'''

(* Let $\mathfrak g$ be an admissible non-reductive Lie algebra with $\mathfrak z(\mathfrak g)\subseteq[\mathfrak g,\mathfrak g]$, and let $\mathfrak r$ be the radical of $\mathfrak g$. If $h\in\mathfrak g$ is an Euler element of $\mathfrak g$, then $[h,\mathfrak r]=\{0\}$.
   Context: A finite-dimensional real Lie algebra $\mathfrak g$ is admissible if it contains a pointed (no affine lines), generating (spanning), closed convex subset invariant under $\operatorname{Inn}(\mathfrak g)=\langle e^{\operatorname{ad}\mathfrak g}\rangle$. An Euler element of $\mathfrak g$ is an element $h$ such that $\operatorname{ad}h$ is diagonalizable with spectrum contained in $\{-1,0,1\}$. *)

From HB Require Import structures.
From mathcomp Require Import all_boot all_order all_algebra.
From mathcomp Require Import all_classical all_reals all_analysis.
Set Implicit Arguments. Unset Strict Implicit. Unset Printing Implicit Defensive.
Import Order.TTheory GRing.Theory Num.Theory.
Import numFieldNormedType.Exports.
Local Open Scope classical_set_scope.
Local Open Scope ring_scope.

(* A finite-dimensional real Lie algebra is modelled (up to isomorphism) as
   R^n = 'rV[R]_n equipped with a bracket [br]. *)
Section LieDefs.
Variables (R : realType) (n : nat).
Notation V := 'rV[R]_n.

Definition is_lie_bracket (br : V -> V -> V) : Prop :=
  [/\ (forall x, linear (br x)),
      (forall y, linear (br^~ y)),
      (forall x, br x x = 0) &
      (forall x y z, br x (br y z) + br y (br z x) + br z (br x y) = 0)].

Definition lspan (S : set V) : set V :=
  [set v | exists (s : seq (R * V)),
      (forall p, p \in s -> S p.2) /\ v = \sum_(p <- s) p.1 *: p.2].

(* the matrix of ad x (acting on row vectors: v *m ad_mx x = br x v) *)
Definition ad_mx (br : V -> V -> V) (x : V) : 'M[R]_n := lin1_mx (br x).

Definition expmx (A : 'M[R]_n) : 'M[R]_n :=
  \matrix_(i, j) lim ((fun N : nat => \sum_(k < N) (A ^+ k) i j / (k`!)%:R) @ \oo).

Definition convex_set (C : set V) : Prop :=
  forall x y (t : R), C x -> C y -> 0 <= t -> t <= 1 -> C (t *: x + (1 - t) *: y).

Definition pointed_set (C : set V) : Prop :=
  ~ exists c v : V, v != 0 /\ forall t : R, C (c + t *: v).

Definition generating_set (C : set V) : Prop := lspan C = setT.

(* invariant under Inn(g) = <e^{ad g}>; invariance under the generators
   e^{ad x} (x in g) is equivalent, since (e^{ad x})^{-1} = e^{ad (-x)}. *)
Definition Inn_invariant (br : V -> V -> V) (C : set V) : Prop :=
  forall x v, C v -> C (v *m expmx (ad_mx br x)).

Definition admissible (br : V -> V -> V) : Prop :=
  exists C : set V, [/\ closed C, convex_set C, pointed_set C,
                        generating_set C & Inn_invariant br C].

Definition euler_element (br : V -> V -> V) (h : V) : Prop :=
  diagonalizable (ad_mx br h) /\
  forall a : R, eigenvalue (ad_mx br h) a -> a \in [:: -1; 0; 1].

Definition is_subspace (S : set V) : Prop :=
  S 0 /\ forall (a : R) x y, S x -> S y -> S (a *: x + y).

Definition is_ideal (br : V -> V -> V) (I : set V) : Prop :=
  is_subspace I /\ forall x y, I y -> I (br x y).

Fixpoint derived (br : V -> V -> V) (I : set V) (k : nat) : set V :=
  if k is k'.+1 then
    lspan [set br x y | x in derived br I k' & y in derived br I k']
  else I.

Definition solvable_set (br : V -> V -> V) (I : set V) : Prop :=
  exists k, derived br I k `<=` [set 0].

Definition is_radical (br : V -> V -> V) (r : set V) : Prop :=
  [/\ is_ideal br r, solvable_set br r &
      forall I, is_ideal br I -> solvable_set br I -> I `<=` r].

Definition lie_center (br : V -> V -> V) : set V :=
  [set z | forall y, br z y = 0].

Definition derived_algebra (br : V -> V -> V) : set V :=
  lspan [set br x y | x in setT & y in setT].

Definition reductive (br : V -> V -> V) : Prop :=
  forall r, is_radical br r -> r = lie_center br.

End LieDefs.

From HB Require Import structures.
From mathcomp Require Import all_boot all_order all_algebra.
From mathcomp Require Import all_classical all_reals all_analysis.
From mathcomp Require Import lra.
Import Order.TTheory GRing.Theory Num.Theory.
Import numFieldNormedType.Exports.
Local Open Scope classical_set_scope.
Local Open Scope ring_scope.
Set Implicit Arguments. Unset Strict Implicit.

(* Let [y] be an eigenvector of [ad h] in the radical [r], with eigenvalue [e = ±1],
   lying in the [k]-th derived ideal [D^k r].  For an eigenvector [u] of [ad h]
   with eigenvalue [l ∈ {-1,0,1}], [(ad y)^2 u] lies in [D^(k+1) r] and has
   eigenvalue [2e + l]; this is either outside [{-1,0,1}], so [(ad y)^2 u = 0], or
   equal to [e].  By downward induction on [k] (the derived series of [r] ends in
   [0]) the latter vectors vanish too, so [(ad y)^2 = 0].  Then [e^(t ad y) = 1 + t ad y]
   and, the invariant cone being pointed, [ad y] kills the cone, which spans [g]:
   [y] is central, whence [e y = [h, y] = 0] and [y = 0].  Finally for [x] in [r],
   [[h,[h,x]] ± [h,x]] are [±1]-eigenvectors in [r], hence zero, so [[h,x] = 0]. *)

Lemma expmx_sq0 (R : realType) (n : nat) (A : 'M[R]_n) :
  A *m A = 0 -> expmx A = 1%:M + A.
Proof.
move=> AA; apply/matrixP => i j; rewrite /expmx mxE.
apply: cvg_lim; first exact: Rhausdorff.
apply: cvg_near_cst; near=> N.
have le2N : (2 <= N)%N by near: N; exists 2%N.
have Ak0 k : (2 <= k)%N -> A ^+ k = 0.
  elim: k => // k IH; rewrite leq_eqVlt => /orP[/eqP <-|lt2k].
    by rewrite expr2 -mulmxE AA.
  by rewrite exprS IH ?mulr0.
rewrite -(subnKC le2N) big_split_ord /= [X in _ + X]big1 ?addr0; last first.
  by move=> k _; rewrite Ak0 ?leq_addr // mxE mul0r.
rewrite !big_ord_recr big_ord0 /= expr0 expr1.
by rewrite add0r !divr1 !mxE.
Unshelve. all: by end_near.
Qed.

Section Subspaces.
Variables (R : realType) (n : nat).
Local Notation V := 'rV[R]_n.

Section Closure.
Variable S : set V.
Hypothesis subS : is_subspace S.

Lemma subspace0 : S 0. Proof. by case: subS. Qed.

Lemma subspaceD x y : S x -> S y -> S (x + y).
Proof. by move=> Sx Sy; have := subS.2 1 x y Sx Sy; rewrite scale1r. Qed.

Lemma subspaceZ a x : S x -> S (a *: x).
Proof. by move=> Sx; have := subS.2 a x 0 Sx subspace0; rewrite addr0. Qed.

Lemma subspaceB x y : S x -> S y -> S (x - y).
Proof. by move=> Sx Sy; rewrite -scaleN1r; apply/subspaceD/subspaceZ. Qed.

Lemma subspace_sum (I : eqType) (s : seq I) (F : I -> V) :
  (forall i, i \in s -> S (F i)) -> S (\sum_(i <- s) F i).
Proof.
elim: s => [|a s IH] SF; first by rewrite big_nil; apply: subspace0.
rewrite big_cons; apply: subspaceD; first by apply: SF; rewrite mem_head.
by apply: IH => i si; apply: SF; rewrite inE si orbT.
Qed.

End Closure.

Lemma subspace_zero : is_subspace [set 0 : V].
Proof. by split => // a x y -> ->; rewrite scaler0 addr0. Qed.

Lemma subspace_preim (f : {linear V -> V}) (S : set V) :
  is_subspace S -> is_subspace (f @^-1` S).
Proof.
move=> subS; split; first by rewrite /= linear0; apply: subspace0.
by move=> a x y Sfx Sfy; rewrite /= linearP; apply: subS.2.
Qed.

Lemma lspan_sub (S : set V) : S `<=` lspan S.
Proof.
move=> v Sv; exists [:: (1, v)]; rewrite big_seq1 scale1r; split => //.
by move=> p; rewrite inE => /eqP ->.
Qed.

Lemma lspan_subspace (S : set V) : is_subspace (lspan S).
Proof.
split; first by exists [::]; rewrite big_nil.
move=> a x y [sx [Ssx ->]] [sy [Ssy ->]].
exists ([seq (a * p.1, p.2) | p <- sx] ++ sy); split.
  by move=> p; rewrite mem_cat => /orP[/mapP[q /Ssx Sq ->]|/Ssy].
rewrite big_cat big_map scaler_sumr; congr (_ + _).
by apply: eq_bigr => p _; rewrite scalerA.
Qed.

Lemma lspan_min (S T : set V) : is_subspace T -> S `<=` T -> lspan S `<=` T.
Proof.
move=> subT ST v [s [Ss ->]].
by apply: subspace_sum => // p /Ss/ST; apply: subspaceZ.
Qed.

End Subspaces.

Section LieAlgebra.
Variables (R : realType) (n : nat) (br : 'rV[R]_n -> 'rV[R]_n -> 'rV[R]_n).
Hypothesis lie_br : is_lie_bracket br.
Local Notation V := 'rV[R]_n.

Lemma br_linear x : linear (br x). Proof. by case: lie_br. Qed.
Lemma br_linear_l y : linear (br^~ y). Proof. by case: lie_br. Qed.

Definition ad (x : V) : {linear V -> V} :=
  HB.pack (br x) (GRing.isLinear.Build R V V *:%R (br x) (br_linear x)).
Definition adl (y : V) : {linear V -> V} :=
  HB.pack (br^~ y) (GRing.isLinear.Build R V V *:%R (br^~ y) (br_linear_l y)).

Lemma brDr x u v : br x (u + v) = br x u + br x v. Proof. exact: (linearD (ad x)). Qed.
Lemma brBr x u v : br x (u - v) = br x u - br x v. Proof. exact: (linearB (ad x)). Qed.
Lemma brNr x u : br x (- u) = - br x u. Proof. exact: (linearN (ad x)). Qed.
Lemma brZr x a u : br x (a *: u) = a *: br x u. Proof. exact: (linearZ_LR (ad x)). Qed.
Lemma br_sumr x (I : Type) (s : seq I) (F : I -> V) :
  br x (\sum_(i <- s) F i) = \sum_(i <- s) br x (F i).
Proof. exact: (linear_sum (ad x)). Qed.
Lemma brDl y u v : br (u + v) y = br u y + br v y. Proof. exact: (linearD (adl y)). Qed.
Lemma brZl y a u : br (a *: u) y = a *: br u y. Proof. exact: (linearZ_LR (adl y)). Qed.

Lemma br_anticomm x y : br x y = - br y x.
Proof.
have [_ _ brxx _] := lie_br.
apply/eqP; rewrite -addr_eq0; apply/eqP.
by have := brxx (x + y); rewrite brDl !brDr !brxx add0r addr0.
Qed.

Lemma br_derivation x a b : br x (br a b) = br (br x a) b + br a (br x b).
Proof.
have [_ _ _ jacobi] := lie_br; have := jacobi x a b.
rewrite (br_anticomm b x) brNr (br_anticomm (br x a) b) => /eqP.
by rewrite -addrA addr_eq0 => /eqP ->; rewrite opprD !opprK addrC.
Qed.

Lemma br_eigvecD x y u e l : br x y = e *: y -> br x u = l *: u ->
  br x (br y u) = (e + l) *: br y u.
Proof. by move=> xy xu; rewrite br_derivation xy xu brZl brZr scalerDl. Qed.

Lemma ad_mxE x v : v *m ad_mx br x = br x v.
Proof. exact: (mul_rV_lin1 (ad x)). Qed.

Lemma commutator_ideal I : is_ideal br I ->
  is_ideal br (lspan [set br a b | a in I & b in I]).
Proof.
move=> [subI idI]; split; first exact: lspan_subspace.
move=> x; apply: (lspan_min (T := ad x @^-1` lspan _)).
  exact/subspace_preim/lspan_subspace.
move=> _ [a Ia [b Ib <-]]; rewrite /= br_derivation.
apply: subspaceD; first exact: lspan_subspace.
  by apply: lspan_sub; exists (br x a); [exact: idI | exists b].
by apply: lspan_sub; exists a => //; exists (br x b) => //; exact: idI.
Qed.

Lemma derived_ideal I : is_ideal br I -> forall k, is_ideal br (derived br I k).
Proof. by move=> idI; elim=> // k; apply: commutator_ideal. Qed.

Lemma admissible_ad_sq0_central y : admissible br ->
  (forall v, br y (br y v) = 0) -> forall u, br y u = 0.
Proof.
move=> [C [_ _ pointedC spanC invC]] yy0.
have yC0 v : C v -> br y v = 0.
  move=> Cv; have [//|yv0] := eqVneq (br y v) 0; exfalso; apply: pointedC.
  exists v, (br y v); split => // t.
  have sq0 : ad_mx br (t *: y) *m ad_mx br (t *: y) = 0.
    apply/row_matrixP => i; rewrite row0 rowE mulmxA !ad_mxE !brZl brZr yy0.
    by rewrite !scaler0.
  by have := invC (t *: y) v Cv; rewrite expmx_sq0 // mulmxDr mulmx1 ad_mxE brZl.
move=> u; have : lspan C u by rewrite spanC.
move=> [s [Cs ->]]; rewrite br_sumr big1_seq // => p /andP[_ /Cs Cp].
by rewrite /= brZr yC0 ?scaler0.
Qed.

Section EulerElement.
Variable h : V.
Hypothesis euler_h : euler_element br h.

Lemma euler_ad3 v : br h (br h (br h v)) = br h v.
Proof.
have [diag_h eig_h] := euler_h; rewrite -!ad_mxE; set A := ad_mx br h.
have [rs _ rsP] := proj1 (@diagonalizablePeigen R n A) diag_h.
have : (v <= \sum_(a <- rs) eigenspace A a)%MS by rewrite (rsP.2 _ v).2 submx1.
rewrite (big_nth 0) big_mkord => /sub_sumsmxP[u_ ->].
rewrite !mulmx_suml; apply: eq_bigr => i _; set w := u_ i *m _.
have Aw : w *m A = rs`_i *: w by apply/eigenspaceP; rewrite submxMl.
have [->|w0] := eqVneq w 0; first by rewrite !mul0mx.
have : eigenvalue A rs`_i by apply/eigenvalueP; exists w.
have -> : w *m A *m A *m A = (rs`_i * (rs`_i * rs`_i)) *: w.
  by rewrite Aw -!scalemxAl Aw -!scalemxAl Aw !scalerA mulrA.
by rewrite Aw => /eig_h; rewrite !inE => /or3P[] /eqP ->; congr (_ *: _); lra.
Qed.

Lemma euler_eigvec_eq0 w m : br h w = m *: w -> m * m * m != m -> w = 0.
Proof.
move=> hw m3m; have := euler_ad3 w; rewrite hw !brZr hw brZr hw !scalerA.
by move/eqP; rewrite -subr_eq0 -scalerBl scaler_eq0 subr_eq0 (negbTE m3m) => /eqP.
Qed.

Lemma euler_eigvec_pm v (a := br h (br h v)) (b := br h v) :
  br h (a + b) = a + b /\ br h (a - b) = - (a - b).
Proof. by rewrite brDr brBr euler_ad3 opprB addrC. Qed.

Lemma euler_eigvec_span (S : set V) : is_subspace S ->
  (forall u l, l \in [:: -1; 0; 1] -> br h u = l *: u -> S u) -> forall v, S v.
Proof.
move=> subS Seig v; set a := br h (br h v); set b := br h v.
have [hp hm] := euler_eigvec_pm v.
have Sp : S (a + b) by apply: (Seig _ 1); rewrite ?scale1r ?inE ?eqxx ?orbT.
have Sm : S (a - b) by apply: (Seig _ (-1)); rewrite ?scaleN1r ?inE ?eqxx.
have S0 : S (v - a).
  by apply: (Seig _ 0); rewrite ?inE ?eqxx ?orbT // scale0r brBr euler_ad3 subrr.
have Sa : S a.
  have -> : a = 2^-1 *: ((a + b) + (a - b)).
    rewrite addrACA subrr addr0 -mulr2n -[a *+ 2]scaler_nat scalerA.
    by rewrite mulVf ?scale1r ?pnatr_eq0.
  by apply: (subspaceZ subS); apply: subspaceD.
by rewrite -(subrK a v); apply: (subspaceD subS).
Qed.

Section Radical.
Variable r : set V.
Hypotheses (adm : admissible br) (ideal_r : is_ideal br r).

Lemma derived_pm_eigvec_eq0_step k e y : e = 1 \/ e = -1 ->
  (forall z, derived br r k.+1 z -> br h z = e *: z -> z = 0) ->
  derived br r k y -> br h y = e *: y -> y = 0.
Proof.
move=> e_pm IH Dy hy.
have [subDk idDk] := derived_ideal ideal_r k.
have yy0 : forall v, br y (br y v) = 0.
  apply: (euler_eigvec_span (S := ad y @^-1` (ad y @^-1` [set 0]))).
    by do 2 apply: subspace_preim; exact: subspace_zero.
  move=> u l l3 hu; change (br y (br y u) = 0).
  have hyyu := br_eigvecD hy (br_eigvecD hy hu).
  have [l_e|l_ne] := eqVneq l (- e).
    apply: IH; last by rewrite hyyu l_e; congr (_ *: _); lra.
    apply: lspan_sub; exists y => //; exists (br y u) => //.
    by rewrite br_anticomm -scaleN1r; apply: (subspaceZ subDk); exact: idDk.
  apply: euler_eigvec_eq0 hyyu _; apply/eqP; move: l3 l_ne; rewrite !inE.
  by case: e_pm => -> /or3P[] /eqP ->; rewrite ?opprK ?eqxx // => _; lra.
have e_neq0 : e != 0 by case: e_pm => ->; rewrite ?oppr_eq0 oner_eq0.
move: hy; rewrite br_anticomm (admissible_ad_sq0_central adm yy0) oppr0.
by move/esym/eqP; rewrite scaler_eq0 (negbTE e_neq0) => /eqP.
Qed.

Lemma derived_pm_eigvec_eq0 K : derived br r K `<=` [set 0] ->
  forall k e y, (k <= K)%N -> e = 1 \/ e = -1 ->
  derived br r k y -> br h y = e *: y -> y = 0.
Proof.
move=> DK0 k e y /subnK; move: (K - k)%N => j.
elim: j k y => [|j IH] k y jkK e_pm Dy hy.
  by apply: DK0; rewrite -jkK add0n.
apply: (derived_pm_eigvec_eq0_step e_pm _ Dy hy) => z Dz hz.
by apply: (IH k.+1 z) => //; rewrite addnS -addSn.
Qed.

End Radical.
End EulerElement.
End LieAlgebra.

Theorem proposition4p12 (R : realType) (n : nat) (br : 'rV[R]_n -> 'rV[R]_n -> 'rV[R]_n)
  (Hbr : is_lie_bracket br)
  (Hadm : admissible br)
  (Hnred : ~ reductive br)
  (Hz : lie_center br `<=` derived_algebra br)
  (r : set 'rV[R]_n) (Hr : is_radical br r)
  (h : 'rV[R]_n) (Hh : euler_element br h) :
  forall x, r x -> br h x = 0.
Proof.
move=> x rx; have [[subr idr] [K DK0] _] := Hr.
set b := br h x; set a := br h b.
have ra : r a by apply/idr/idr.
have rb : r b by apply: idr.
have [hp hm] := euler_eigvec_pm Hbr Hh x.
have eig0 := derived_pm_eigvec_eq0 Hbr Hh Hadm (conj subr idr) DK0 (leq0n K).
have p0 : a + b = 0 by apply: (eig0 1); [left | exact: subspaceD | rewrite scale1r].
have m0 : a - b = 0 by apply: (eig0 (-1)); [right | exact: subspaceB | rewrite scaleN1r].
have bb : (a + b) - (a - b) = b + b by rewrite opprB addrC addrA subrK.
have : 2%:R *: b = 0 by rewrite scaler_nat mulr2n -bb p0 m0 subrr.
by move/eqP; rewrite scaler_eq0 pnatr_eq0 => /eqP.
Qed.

'''
'''

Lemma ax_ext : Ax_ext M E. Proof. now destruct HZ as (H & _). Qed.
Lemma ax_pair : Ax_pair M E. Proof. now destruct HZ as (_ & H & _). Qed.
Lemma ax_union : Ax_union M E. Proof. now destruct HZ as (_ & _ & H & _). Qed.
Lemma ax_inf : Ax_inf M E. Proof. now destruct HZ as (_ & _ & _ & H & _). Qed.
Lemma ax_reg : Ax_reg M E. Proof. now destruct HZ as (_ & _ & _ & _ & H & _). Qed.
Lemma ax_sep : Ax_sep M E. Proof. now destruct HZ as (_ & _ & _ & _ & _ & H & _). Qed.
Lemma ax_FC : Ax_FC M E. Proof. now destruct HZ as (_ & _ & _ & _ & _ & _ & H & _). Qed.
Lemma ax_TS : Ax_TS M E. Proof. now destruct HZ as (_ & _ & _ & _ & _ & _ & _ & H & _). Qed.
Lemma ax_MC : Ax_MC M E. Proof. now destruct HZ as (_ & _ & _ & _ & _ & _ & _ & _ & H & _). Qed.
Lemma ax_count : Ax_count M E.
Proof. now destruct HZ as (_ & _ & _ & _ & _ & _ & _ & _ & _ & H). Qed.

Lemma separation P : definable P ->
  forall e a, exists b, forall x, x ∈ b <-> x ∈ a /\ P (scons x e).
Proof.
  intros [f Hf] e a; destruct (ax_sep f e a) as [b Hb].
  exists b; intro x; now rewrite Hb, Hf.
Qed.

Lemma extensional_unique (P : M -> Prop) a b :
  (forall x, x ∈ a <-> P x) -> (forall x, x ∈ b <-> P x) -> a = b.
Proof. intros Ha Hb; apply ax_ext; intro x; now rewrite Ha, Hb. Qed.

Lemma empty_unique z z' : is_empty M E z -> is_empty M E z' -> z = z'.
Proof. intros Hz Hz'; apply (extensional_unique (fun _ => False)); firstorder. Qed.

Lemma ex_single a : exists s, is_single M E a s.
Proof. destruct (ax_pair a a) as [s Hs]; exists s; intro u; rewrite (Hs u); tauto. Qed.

'''
'''

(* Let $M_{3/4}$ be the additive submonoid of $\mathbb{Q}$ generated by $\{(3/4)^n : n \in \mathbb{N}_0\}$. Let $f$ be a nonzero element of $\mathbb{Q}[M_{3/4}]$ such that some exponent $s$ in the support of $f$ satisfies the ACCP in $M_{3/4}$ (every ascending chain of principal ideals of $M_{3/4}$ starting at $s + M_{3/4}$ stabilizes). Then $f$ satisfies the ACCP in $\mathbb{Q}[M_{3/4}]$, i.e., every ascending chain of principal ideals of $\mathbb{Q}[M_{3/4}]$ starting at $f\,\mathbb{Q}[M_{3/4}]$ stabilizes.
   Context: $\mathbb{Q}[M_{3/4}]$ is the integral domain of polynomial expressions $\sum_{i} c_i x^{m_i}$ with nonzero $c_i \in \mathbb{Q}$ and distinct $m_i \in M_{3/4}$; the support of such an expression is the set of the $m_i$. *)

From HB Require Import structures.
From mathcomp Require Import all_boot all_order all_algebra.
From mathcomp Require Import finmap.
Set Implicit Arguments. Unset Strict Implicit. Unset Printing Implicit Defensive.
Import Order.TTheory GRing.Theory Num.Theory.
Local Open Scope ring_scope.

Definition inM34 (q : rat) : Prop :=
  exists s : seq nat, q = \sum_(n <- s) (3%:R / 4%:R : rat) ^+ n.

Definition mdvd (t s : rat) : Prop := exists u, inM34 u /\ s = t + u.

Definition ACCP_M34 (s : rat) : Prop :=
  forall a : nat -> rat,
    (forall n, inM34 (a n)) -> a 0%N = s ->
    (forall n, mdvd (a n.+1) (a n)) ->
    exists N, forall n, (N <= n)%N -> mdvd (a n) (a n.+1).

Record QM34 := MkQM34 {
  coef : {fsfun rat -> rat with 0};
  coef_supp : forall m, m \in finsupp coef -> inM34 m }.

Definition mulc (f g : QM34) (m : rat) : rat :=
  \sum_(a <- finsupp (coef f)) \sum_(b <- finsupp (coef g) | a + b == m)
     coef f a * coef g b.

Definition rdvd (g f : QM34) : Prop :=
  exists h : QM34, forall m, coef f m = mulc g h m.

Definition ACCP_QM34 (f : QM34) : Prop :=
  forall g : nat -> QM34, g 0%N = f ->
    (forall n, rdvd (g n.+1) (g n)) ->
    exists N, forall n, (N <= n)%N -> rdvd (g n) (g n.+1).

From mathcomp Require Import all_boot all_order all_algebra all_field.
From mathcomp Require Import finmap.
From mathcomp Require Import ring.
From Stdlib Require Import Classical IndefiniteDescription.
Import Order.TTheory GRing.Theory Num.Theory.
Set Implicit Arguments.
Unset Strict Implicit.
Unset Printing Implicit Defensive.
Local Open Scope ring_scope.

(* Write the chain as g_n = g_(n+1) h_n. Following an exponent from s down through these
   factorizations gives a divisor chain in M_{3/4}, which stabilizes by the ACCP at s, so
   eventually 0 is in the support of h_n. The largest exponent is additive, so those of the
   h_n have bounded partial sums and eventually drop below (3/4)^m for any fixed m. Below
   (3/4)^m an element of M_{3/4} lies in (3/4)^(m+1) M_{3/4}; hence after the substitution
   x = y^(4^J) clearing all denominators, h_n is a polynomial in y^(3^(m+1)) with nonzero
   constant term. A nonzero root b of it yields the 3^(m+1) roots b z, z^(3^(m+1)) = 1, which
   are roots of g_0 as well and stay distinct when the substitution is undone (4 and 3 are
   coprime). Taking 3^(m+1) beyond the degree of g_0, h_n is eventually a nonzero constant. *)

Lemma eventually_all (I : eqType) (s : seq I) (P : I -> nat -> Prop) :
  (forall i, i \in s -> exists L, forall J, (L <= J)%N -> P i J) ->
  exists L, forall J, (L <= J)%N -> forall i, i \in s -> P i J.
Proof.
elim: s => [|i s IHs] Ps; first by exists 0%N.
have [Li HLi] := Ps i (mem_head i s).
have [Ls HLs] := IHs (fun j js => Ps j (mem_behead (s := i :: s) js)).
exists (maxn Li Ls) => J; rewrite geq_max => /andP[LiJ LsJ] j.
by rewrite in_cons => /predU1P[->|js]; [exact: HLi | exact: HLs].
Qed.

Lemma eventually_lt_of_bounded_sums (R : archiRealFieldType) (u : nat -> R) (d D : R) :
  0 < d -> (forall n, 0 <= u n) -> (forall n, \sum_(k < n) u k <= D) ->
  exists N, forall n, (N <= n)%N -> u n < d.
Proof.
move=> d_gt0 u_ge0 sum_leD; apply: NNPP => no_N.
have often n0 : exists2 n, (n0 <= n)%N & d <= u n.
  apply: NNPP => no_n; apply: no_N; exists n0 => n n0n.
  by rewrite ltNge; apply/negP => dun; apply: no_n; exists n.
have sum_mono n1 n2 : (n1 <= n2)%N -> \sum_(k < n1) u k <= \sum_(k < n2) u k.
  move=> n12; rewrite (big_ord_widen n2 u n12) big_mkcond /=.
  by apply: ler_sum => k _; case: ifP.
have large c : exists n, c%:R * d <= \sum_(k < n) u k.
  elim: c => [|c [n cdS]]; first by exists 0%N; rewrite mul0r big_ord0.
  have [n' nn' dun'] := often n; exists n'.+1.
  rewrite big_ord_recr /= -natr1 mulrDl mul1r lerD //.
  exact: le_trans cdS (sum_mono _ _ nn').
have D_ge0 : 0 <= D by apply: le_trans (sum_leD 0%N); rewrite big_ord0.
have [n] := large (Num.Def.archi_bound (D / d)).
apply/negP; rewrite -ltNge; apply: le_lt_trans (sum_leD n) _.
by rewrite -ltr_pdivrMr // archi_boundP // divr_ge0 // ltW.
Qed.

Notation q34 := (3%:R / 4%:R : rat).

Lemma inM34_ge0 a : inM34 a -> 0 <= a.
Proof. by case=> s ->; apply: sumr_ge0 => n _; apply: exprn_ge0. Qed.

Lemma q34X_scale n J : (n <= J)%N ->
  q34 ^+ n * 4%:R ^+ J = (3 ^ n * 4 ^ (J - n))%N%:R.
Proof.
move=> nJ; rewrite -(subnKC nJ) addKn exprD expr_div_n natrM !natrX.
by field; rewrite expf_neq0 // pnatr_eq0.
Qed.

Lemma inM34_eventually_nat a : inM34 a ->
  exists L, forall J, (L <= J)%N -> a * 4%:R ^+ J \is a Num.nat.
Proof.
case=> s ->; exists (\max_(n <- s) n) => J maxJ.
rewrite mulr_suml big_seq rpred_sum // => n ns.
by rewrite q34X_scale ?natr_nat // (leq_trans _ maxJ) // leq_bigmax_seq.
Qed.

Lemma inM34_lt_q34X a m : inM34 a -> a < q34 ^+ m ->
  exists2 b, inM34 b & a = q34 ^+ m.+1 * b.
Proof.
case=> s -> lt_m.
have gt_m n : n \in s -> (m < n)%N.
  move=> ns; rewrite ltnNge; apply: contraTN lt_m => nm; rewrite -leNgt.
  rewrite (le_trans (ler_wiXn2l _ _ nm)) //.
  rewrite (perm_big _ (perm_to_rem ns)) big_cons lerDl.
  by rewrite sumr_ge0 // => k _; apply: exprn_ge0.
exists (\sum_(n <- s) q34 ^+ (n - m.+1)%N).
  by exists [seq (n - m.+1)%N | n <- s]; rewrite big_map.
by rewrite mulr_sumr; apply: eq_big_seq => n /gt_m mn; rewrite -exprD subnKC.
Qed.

'''

- **Prompt**
Filter the records above for lines containing the word "ltNge", and copy those lines.

- **Written answer**
  by rewrite ltNge; apply/negP => dun; apply: no_n; exists n.
apply/negP; rewrite -ltNge; apply: le_lt_trans (sum_leD n) _.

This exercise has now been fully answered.